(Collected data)

*** Block opens ***

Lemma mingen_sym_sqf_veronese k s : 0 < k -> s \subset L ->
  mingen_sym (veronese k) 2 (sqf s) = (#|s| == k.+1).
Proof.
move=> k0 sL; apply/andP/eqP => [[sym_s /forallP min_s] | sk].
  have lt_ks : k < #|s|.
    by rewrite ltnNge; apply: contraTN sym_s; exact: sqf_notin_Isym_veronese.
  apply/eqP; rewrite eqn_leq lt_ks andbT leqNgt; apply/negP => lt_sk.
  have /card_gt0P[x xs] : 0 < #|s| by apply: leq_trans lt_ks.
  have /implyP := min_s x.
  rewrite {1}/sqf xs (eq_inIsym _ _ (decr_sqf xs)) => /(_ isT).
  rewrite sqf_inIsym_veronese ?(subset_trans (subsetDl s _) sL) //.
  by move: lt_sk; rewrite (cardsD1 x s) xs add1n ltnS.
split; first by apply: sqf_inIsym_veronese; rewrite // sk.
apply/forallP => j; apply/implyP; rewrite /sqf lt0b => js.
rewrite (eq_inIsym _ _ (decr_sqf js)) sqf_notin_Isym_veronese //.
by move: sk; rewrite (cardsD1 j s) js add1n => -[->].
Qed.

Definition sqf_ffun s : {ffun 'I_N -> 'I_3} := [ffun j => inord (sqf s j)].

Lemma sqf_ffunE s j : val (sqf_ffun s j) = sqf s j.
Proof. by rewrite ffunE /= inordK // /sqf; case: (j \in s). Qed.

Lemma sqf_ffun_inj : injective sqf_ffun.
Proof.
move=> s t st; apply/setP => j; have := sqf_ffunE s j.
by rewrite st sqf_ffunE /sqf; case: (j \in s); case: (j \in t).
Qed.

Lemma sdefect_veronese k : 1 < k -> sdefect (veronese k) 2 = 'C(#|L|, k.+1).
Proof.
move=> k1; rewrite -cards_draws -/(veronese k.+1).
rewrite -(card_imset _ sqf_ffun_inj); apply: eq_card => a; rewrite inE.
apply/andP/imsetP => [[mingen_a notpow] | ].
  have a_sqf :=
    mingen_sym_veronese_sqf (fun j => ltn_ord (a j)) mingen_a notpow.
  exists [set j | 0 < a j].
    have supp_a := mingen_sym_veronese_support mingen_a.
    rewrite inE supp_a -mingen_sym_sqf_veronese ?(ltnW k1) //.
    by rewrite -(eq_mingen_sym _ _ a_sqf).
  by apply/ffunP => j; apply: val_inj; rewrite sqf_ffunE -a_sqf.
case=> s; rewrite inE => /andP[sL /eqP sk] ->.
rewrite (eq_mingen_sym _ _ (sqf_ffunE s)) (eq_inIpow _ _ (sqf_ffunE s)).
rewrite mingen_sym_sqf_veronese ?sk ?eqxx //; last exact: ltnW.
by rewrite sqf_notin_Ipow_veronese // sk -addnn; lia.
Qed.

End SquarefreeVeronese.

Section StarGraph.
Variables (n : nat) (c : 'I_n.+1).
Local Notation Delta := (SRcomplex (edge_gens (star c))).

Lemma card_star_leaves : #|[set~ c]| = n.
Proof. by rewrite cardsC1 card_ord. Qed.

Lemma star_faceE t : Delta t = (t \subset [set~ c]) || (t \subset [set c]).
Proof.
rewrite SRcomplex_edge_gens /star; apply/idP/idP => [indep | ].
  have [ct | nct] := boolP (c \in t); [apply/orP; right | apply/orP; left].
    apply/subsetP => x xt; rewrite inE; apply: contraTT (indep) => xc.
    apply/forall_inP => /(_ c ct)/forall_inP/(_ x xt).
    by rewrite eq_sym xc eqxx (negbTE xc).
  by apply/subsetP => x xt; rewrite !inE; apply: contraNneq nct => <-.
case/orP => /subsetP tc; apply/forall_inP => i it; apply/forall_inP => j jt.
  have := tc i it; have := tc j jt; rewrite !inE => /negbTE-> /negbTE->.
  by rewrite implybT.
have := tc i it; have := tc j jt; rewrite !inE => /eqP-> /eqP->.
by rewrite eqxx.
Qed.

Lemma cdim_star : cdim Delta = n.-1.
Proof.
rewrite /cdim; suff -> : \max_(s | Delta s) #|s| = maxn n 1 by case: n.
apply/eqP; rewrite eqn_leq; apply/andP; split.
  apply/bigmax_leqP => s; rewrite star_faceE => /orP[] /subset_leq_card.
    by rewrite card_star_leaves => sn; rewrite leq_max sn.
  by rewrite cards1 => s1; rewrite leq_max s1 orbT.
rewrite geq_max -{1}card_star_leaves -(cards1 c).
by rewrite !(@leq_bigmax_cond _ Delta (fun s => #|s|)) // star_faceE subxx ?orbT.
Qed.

*** Block closes ***

● **TASK INSTRUCTIONS**
Please transcribe exactly the lines above from the line that has "Lemma sdefect_veronese k" up to and including the line that has "by apply/ffunP =>"; no other line belongs in the answer.

● **FINISHED TASK**
Lemma sdefect_veronese k : 1 < k -> sdefect (veronese k) 2 = 'C(#|L|, k.+1).
Proof.
move=> k1; rewrite -cards_draws -/(veronese k.+1).
rewrite -(card_imset _ sqf_ffun_inj); apply: eq_card => a; rewrite inE.
apply/andP/imsetP => [[mingen_a notpow] | ].
  have a_sqf :=
    mingen_sym_veronese_sqf (fun j => ltn_ord (a j)) mingen_a notpow.
  exists [set j | 0 < a j].
    have supp_a := mingen_sym_veronese_support mingen_a.
    rewrite inE supp_a -mingen_sym_sqf_veronese ?(ltnW k1) //.
    by rewrite -(eq_mingen_sym _ _ a_sqf).
  by apply/ffunP => j; apply: val_inj; rewrite sqf_ffunE -a_sqf.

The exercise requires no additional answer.